*WHAT IS REQUIRED*
Write out exactly the lines of the entries below from the one holding "rewrite Nat.mul_1_r in Hlead." to the one holding "apply (succRk_reach_within R", inclusive, and leave out all other lines.

[Saved entries]
▼▼▼

Lemma inRtildeDelta_tail_le z : dom z ->
  forall i, (S i < n)%nat -> (nth (S i) z 0%nat <= nth 1 z 0%nat)%nat.
Proof.
  intros [_ [_ Hch]] i. induction i as [|i IH]; intros Hi; [lia|].
  specialize (IH ltac:(lia)). specialize (Hch (S i) ltac:(lia)).
  unfold zext in Hch.
  replace (S (S i) <? n)%nat with true in Hch by (symmetry; apply Nat.ltb_lt; lia).
  pose proof (succRk_ge R Rinf Delta (nth (S (S i)) z 0%nat)). lia.
Qed.

Lemma inRtildeDelta_decomp z : dom z -> exists z1 zs v, z = z1 :: zs /\
  Rsub R N d z1 /\ R v = true /\ (succRk R Delta v <= z1)%nat /\
  forall y, In y zs -> (y <= v)%nat.
Proof.
  intros Hz. pose proof Hz as [Hlen [Hsub Hch]].
  destruct z as [|z1 zs]; [simpl in Hlen; lia|].
  exists z1, zs, (zext R N n (z1 :: zs) 1). split; [reflexivity|].
  split; [exact (Hsub 0%nat n_pos)|]. split; [|split; [exact (Hch 0%nat n_pos)|]].
  - unfold zext. destruct (1 <? n)%nat eqn:E.
    + apply Nat.ltb_lt in E. exact (Rsub_R R Rinf N d _ (Hsub 1%nat E)).
    + apply enumR_spec, Rinf.
  - intros y Hy. apply In_nth with (d := 0%nat) in Hy as [i [Hi <-]]. simpl in Hlen.
    unfold zext. replace (1 <? n)%nat with true by (symmetry; apply Nat.ltb_lt; lia).
    exact (inRtildeDelta_tail_le _ Hz i ltac:(lia)).
Qed.

Lemma inRtildeDelta_head_R z : dom z -> R (nth 0 z 0%nat) = true.
Proof.
  intros Hz. destruct (inRtildeDelta_decomp z Hz) as [z1 [zs [v [-> [Hz1 _]]]]].
  exact (Rsub_R R Rinf N d z1 Hz1).
Qed.

Lemma inRtildeDelta_raise_head z c : dom z -> exists z', dom z' /\
  nth 0 z' 0%nat = succRk R (d * c) (nth 0 z 0%nat).
Proof.
  intros Hz. destruct (inRtildeDelta_decomp z Hz) as [z1 [zs [v [-> [Hz1 _]]]]].
  exists (succRk R (d * c) z1 :: zs). split; [|reflexivity].
  destruct Hz as [Hlen [Hsub Hch]]. split; [exact Hlen|split].
  - intros [|i] Hi; [now apply Rsub_succRk_mul|exact (Hsub (S i) Hi)].
  - intros i Hi. specialize (Hch i Hi).
    change (zext R N n (succRk R (d * c) z1 :: zs) (S i)) with (zext R N n (z1 :: zs) (S i)).
    destruct i; simpl in *; [pose proof (succRk_ge R Rinf (d * c) z1)|]; lia.
Qed.

End Domain.

Definition lead_geometric (R : nat -> bool) (N d n Delta L : nat) (f : list nat -> Z) : Prop :=
  (forall z, inRtildeDelta R N d n Delta z -> 0 < f z) /\
  (forall z z', inRtildeDelta R N d n Delta z -> inRtildeDelta R N d n Delta z' ->
     (nth 0 z 0 < nth 0 z' 0)%nat -> f z < f z') /\
  (forall z z', inRtildeDelta R N d n Delta z -> inRtildeDelta R N d n Delta z' ->
     (succRk R L (nth 0 z 0) <= nth 0 z' 0)%nat -> 2 * f z <= f z').

Lemma dotA_lead_geometric R N d n F Bs : sparse R -> opPos R F -> length (F :: Bs) = n ->
  exists Delta0 L, forall Delta, (Delta0 <= Delta)%nat ->
    lead_geometric R N d n Delta L (dotA R (F :: Bs)).
Proof.
  intros Hs Fpos Hlen. pose proof (proj1 Hs) as Rinf.
  assert (n_pos : (1 <= n)%nat) by (simpl in Hlen; lia).
  destruct (dotA_bound R Rinf Bs) as [W [k [HW HBs]]].
  destruct (perturbed_pos R Hs F Fpos W k HW) as [J1 Hpos].
  destruct (perturbed_increasing R Hs F Fpos W k HW) as [J2 Hinc].
  destruct (perturbed_doubling R Hs F Fpos W k HW) as [J3 [L Hdbl]].
  exists (J1 + J2 + J3)%nat, L. intros Delta HDelta.
  assert (Hsplit : forall z, inRtildeDelta R N d n Delta z -> exists z1 zs v,
    z = z1 :: zs /\ R z1 = true /\ R v = true /\ (v <= z1)%nat /\
    (forall J, (J <= J1 + J2 + J3)%nat -> (succRk R J v <= z1)%nat) /\
    Z.abs (dotA R Bs zs) <= W * Z.of_nat (succRk R k v)).
  { intros z Hz.
    destruct (inRtildeDelta_decomp R N d n Delta Rinf n_pos z Hz)
      as [z1 [zs [v [-> [Hz1 [Rv [Hv Hzs]]]]]]].
    assert (HJ : forall J, (J <= J1 + J2 + J3)%nat -> (succRk R J v <= z1)%nat).
    { intros J HJ. pose proof (succRk_mono_k R Rinf J Delta v ltac:(lia)). lia. }
    exists z1, zs, v. split; [reflexivity|]. split; [exact (Rsub_R R Rinf N d z1 Hz1)|].
    split; [exact Rv|]. split; [pose proof (HJ 0%nat ltac:(lia)); simpl in *; lia|].
    split; [exact HJ|exact (HBs zs v Hzs)]. }
  split; [|split].
  - intros z Hz. destruct (Hsplit z Hz) as [z1 [zs [v [-> [Rz1 [Rv [_ [HJ HT]]]]]]]].
    exact (Hpos z1 v _ Rz1 Rv (HJ J1 ltac:(lia)) HT).
  - intros z z' Hz Hz' Hlt.
    destruct (Hsplit z Hz) as [z1 [zs [v [-> [Rz1 [Rv [_ [HJ HT]]]]]]]].
    destruct (Hsplit z' Hz') as [z1' [zs' [v' [-> [Rz1' [Rv' [_ [HJ' HT']]]]]]]].
    exact (Hinc z1 v _ z1' v' _ Rz1 Rv (HJ J2 ltac:(lia)) HT Rz1' Rv' (HJ' J2 ltac:(lia)) HT' Hlt).
  - intros z z' Hz Hz' HL.
    destruct (Hsplit z Hz) as [z1 [zs [v [-> [Rz1 [Rv [Hvz1 [HJ HT]]]]]]]].
    destruct (Hsplit z' Hz') as [z1' [zs' [v' [-> [Rz1' [Rv' [_ [HJ' HT']]]]]]]].
    exact (Hdbl z1 v _ z1' v' _ Rz1 Hvz1 HT Rz1' Rv' (HJ' J3 ltac:(lia)) HT' HL).
Qed.

Definition succ_close (R : nat -> bool) (Lambda a b : nat) : Prop :=
  exists delta : nat, (delta <= Lambda)%nat /\ a = succRk R delta b.

Section LeadOrder.

Variables (R : nat -> bool) (N d n Delta L : nat) (f : list nat -> Z).
Hypothesis f_geom : lead_geometric R N d n Delta L f.

Local Notation dom := (inRtildeDelta R N d n Delta).
Local Notation lead z := (nth 0 z 0%nat).

Lemma lead_le_of_le z z' : dom z -> dom z' -> f z <= f z' -> (lead z <= lead z')%nat.
Proof.
  intros Hz Hz' Hle. destruct (le_lt_dec (lead z) (lead z')) as [|Hlt]; auto.
  pose proof (proj1 (proj2 f_geom) z' z Hz' Hz Hlt). lia.
Qed.

Lemma lead_above_greatest_below a p : dom p ->
  (forall w, dom w -> f w < a -> f w <= f p) ->
  forall z, dom z -> (lead p < lead z)%nat -> a <= f z.
Proof.
  intros Hp Hmax z Hz Hlt. destruct (Z_le_gt_dec a (f z)) as [|Hgt]; auto.
  pose proof (lead_le_of_le z p Hz Hp (Hmax z Hz ltac:(lia))). lia.
Qed.

Lemma lead_floor_key a b pa pb pc : dom pa -> f pa < a + b ->
  (forall z, dom z -> (lead pb < lead z)%nat -> a <= f z) ->
  (forall z, dom z -> (lead pc < lead z)%nat -> b <= f z) ->
  forall q, dom q -> (lead pb < lead q)%nat -> (lead pc < lead q)%nat ->
    (lead pa <= succRk R L (lead q))%nat.
Proof.
  intros Ha Hpa Hpb Hpc q Hq Hbq Hcq.
  destruct (le_lt_dec (lead pa) (succRk R L (lead q))) as [|Hlt]; auto.
  pose proof (proj2 (proj2 f_geom) q pa Hq Ha ltac:(lia)).
  specialize (Hpb q Hq Hbq). specialize (Hpc q Hq Hcq). lia.
Qed.

End LeadOrder.

Section LeadRaise.

Variables (R : nat -> bool) (N d n Delta : nat).
Hypothesis Rinf : Rinfinite R.
Hypothesis n_pos : (1 <= n)%nat.
Hypothesis d_pos : (1 <= d)%nat.

Local Notation dom := (inRtildeDelta R N d n Delta).
Local Notation lead z := (nth 0 z 0%nat).

(* Raising the larger of the two leads by [σ^d] gives a point above both. *)
Lemma lead_close Lambda pa pb pc : dom pa -> dom pb -> dom pc ->
  (lead pb <= lead pa)%nat -> (lead pc <= lead pa)%nat ->
  (forall q, dom q -> (lead pb < lead q)%nat -> (lead pc < lead q)%nat ->
     (lead pa <= succRk R Lambda (lead q))%nat) ->
  succ_close R (Lambda + d) (lead pa) (lead pb) \/ succ_close R (Lambda + d) (lead pa) (lead pc).
Proof.
  intros Ha Hb Hc Hba Hca Hkey.
  assert (Hraise : forall p, dom p -> (lead pb <= lead p)%nat -> (lead pc <= lead p)%nat ->
    (lead p <= lead pa)%nat -> succ_close R (Lambda + d) (lead pa) (lead p)).
  { intros p Hp Hbp Hcp Hpa.
    destruct (inRtildeDelta_raise_head R N d n Delta Rinf n_pos p 1 Hp) as [q [Hq Hlead]].
    rewrite Nat.mul_1_r in Hlead.
    pose proof (succRk_lt_k R Rinf 0 d (lead p) d_pos) as Hlt. simpl in Hlt.
    specialize (Hkey q Hq ltac:(lia) ltac:(lia)). rewrite Hlead, <- succRk_add in Hkey.
    apply (succRk_reach_within R Rinf); [| |exact Hpa|exact Hkey].
    - exact (inRtildeDelta_head_R R N d n Delta Rinf n_pos p Hp).
    - exact (inRtildeDelta_head_R R N d n Delta Rinf n_pos pa Ha). }
  destruct (le_lt_dec (lead pb) (lead pc)) as [Hbc|Hcb].
  - right. apply Hraise; auto.
  - left. apply Hraise; auto; lia.
Qed.

Variables (L : nat) (f : list nat -> Z).
Hypothesis f_geom : lead_geometric R N d n Delta L f.

Lemma lead_geometric_unbounded : (exists z0, dom z0) -> forall c, exists z, dom z /\ c < f z.
Proof.
  destruct f_geom as [Hpos [_ Hdbl]]. intros [z0 Hz0] c.
  assert (Hnat : forall j : nat, exists z, dom z /\ Z.of_nat j < f z).
  { induction j as [|j [z [Hz Hj]]]; [exists z0; split; auto; specialize (Hpos z0 Hz0); lia|].
    destruct (inRtildeDelta_raise_head R N d n Delta Rinf n_pos z L Hz) as [z' [Hz' Hlead]].
    exists z'. split; auto.
    assert (2 * f z <= f z').
    { apply Hdbl; auto. rewrite Hlead. apply (succRk_mono_k R Rinf). nia. }
    lia. }
  destruct (Hnat (Z.to_nat c)) as [z [Hz Hc]]. exists z. split; auto. lia.
Qed.

Lemma lead_ceiling_key a b pa pb pc :
  (forall w, dom w -> a + b < f w -> f pa <= f w) ->
  (forall z, dom z -> (lead pb < lead z)%nat -> a < f z) ->
  (forall z, dom z -> (lead pc < lead z)%nat -> b < f z) ->
  dom pa ->
  forall q, dom q -> (lead pb < lead q)%nat -> (lead pc < lead q)%nat ->
    (lead pa <= succRk R (d * L) (lead q))%nat.
Proof.
  intros Hpa Hpb Hpc Ha q Hq Hbq Hcq.
  destruct (inRtildeDelta_raise_head R N d n Delta Rinf n_pos q L Hq) as [z [Hz Hlead]].
  rewrite <- Hlead. apply (lead_le_of_le R N d n Delta L f f_geom); auto. apply Hpa; auto.
  assert (2 * f q <= f z).
  { apply (proj2 (proj2 f_geom)); auto. rewrite Hlead. apply (succRk_mono_k R Rinf). nia. }
  specialize (Hpb q Hq Hbq). specialize (Hpc q Hq Hcq). lia.
Qed.

End LeadRaise.

Lemma greatest_below_exists {T : Type} (Q : T -> Prop) (f : T -> Z) (u : Z) :
  (exists w, Q w /\ f w < u) ->
  exists z, Q z /\ f z < u /\ forall w, Q w -> f w < u -> f w <= f z.
Proof.
  intros [w0 [Qw0 Hw0]]. apply NNPP. intros Hnone.
  (* Without a maximum, values below [u] would come arbitrarily close to [u]. *)
  assert (Hgap : forall (j : nat) z, Q z -> f z < u ->
                   (Z.to_nat (u - f z) <= j)%nat -> False).
  { induction j as [|j IH]; intros z Qz Hz Hj; [lia|].
    apply Hnone. exists z. split; [exact Qz|split; [exact Hz|]]. intros w Qw Hw.
    destruct (Z_le_gt_dec (f w) (f z)) as [|Hgt]; auto.
    exfalso. apply (IH w Qw Hw). lia. }
  exact (Hgap _ w0 Qw0 Hw0 (le_n _)).
Qed.

Section PSpec.

Variables (R : nat -> bool) (N d n Delta : nat) (A : list operator) (u : Z).

Local Notation dom := (inRtildeDelta R N d n Delta).
Local Notation P := (PDelta R N d n Delta A u).

Lemma PDelta_greatest_below : (exists w, dom w /\ dotA R A w < u) ->
  dom P /\ dotA R A P < u /\ forall w, dom w -> dotA R A w < u -> dotA R A w <= dotA R A P.
Proof.
  intros Hex.
  assert (HP : isP R N d n Delta A u P).
  { unfold PDelta. apply epsilon_spec.
    destruct (greatest_below_exists dom (dotA R A) u Hex) as [z Hz]. exists z. split; tauto. }
  destruct HP as [Hd [[_ H] | [Hnone _]]]; [tauto|contradiction].
Qed.

Lemma PDelta_min m : ~ (exists w, dom w /\ dotA R A w < u) -> isMinDot R N d n Delta A m ->
  dom P /\ forall w, dom w -> dotA R A P <= dotA R A w.
Proof.
  intros Hnone [[z0 [Hz0 <-]] Hmin].
  assert (HP : isP R N d n Delta A u P).
  { unfold PDelta. apply epsilon_spec. exists z0. split; [exact Hz0|]. right. split; auto. }
  destruct HP as [Hd [[Hex _] | [_ H]]]; [contradiction|auto].
Qed.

▲▲▲

*RESULT OF THIS TASK*
    rewrite Nat.mul_1_r in Hlead.
    pose proof (succRk_lt_k R Rinf 0 d (lead p) d_pos) as Hlt. simpl in Hlt.
    specialize (Hkey q Hq ltac:(lia) ltac:(lia)). rewrite Hlead, <- succRk_add in Hkey.
    apply (succRk_reach_within R Rinf); [| |exact Hpa|exact Hkey].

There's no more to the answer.